§ **What is expected**
For the data below, restate word for word only the lines from the line containing "x + red y &" through the line containing "(linfun (mulmx A)).", both ends included.

§ **Material provided**
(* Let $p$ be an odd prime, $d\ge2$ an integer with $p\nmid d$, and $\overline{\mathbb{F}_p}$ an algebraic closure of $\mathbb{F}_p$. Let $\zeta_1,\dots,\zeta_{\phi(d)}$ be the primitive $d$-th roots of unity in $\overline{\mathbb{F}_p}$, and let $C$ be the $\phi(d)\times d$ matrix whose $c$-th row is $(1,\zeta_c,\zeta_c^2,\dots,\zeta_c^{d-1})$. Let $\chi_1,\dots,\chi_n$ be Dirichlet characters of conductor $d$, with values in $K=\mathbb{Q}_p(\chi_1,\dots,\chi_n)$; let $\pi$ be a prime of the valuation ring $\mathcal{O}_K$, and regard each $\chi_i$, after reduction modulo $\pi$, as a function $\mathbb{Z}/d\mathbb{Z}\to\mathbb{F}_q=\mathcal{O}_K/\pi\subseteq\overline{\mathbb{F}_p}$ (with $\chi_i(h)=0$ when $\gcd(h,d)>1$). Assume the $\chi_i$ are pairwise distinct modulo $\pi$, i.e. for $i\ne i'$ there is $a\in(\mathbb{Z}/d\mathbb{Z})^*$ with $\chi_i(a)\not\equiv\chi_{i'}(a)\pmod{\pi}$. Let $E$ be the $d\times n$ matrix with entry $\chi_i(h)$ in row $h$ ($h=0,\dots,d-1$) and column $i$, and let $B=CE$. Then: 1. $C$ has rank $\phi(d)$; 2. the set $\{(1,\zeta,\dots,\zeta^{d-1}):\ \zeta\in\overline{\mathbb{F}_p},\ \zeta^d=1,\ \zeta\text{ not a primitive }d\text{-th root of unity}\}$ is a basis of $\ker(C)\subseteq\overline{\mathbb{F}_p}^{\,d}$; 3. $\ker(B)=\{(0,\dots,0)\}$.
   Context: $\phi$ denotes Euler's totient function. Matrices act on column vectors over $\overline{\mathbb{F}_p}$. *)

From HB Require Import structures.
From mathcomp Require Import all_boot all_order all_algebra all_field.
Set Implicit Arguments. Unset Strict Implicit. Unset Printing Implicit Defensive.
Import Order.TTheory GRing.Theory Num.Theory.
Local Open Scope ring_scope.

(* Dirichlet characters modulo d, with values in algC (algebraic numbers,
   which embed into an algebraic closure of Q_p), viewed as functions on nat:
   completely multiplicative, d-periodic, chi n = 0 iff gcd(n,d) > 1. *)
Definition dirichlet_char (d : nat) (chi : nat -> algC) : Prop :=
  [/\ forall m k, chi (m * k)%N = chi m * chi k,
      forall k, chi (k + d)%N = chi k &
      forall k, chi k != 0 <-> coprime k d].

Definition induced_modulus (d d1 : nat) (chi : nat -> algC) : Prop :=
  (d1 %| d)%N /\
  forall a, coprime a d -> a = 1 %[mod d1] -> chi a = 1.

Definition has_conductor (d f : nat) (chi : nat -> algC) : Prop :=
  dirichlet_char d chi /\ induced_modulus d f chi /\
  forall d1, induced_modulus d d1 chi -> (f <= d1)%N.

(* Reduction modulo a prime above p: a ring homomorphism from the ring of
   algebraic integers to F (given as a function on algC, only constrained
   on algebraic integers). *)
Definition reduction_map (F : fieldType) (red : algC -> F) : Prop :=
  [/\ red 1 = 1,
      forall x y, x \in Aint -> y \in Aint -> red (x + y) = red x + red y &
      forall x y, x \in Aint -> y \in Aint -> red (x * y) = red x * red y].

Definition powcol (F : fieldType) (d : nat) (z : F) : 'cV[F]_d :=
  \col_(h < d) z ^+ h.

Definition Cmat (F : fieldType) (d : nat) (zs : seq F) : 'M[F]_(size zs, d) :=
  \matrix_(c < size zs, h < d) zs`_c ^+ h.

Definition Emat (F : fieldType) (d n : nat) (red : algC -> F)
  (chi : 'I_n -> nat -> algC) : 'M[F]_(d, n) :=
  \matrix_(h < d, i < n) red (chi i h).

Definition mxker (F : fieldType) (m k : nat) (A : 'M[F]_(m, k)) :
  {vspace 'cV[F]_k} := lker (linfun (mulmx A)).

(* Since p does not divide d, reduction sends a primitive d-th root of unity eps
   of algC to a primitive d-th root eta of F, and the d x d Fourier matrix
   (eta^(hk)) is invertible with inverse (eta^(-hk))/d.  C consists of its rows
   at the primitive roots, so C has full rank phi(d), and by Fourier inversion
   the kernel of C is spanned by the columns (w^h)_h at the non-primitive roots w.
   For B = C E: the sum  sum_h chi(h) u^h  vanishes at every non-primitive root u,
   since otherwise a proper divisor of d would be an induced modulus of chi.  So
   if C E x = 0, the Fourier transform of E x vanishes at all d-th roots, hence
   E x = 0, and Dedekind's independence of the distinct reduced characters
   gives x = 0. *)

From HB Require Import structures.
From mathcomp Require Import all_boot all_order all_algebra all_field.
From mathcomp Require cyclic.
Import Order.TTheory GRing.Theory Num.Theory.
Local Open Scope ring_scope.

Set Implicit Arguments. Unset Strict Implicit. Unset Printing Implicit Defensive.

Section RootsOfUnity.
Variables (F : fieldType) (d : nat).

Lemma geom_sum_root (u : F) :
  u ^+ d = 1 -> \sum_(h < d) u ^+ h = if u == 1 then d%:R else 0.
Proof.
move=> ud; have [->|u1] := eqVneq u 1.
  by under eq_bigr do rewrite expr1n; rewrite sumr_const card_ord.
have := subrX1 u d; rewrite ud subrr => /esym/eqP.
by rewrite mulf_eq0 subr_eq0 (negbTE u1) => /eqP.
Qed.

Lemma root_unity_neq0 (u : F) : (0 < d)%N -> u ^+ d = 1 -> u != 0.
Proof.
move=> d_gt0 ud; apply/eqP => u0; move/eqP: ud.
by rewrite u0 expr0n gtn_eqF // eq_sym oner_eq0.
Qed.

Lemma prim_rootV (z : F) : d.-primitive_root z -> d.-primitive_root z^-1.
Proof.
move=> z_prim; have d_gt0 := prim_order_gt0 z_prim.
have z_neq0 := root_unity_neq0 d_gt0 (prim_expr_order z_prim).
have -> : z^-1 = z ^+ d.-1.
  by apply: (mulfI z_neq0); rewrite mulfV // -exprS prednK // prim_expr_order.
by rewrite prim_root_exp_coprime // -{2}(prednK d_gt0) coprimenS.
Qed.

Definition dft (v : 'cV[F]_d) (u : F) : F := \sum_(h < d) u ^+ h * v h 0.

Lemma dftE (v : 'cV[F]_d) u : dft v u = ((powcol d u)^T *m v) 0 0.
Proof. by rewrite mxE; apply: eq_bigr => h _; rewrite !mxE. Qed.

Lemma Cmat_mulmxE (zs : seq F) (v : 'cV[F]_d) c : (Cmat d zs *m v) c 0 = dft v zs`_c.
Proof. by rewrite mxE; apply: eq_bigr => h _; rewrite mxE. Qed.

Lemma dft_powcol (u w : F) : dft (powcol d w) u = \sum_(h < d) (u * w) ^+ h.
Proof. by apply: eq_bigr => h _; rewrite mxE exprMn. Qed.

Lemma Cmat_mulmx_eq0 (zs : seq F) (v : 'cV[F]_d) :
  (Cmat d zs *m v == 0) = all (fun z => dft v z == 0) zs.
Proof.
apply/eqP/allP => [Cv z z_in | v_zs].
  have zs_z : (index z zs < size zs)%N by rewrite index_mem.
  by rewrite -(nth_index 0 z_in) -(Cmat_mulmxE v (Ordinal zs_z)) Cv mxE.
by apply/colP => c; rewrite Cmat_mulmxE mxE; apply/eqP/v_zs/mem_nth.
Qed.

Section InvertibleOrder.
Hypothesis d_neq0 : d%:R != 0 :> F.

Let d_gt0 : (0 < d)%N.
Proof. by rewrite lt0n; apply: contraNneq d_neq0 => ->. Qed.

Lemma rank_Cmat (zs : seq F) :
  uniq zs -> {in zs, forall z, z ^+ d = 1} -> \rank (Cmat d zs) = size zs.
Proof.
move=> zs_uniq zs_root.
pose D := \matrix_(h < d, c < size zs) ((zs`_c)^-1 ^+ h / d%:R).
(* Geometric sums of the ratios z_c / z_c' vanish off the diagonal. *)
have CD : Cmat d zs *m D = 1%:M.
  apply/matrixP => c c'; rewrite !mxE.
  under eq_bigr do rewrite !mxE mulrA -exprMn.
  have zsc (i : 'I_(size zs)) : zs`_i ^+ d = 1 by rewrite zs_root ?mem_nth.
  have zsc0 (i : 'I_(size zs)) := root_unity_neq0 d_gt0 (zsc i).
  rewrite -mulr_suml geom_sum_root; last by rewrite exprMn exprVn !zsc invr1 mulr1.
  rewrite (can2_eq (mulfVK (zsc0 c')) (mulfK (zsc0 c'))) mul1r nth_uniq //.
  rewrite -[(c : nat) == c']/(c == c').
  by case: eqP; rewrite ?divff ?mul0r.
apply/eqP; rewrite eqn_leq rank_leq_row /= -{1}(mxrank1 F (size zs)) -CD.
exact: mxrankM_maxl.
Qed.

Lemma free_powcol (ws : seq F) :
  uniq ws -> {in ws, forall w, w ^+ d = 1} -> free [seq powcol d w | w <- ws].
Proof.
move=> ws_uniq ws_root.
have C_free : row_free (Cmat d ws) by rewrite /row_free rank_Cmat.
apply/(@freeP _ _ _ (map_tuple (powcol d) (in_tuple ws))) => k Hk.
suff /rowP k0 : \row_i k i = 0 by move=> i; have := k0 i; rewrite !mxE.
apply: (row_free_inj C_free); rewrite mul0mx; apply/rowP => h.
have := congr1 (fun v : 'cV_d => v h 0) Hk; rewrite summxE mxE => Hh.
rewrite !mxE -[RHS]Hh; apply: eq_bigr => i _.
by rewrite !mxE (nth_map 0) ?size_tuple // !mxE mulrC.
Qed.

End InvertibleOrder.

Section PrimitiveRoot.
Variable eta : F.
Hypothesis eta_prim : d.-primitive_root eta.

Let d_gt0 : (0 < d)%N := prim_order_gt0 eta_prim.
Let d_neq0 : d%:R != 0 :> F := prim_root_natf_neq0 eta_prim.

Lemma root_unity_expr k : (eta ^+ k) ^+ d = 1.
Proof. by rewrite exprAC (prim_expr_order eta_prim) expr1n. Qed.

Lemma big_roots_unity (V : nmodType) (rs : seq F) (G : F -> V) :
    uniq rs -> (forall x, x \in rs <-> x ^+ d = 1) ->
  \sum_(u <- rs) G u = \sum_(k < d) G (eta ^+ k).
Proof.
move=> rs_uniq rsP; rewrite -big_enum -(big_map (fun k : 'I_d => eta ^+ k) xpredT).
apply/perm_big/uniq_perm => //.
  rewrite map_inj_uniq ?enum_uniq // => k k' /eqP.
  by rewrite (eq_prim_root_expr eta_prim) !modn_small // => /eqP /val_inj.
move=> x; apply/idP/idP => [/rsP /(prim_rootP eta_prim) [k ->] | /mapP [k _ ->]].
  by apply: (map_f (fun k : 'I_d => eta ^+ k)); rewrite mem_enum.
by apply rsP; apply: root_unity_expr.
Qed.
...
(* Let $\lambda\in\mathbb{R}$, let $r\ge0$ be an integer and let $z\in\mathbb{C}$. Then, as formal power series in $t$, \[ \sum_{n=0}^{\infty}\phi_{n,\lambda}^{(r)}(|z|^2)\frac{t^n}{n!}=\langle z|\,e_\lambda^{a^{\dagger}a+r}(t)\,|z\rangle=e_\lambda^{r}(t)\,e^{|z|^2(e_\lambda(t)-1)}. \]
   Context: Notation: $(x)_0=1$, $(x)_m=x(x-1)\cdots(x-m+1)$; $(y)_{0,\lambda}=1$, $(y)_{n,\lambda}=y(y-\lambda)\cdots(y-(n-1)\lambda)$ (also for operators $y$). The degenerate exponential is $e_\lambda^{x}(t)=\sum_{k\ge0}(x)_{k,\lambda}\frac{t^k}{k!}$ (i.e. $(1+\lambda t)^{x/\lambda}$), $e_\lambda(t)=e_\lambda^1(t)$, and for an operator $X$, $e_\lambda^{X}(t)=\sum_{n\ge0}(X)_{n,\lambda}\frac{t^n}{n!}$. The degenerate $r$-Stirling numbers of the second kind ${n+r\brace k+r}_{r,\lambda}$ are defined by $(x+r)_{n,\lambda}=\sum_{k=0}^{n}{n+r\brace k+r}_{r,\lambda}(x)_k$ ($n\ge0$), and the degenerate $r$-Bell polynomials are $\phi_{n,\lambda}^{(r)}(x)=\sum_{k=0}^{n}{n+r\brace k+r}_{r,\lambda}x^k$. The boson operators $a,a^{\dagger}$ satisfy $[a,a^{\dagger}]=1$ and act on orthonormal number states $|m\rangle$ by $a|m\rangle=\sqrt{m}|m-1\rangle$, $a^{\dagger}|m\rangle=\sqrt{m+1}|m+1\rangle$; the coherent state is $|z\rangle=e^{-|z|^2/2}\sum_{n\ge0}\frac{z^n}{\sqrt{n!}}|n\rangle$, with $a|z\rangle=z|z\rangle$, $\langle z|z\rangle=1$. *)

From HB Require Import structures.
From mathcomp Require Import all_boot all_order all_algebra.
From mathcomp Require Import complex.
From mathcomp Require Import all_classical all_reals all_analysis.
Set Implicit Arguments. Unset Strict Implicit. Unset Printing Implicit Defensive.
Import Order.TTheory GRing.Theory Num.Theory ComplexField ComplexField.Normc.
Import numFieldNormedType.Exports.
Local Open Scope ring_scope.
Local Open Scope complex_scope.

§ **Task response**
      forall x y, x \in Aint -> y \in Aint -> red (x + y) = red x + red y &
      forall x y, x \in Aint -> y \in Aint -> red (x * y) = red x * red y].

Definition powcol (F : fieldType) (d : nat) (z : F) : 'cV[F]_d :=
  \col_(h < d) z ^+ h.

Definition Cmat (F : fieldType) (d : nat) (zs : seq F) : 'M[F]_(size zs, d) :=
  \matrix_(c < size zs, h < d) zs`_c ^+ h.

Definition Emat (F : fieldType) (d n : nat) (red : algC -> F)
  (chi : 'I_n -> nat -> algC) : 'M[F]_(d, n) :=
  \matrix_(h < d, i < n) red (chi i h).

Definition mxker (F : fieldType) (m k : nat) (A : 'M[F]_(m, k)) :
  {vspace 'cV[F]_k} := lker (linfun (mulmx A)).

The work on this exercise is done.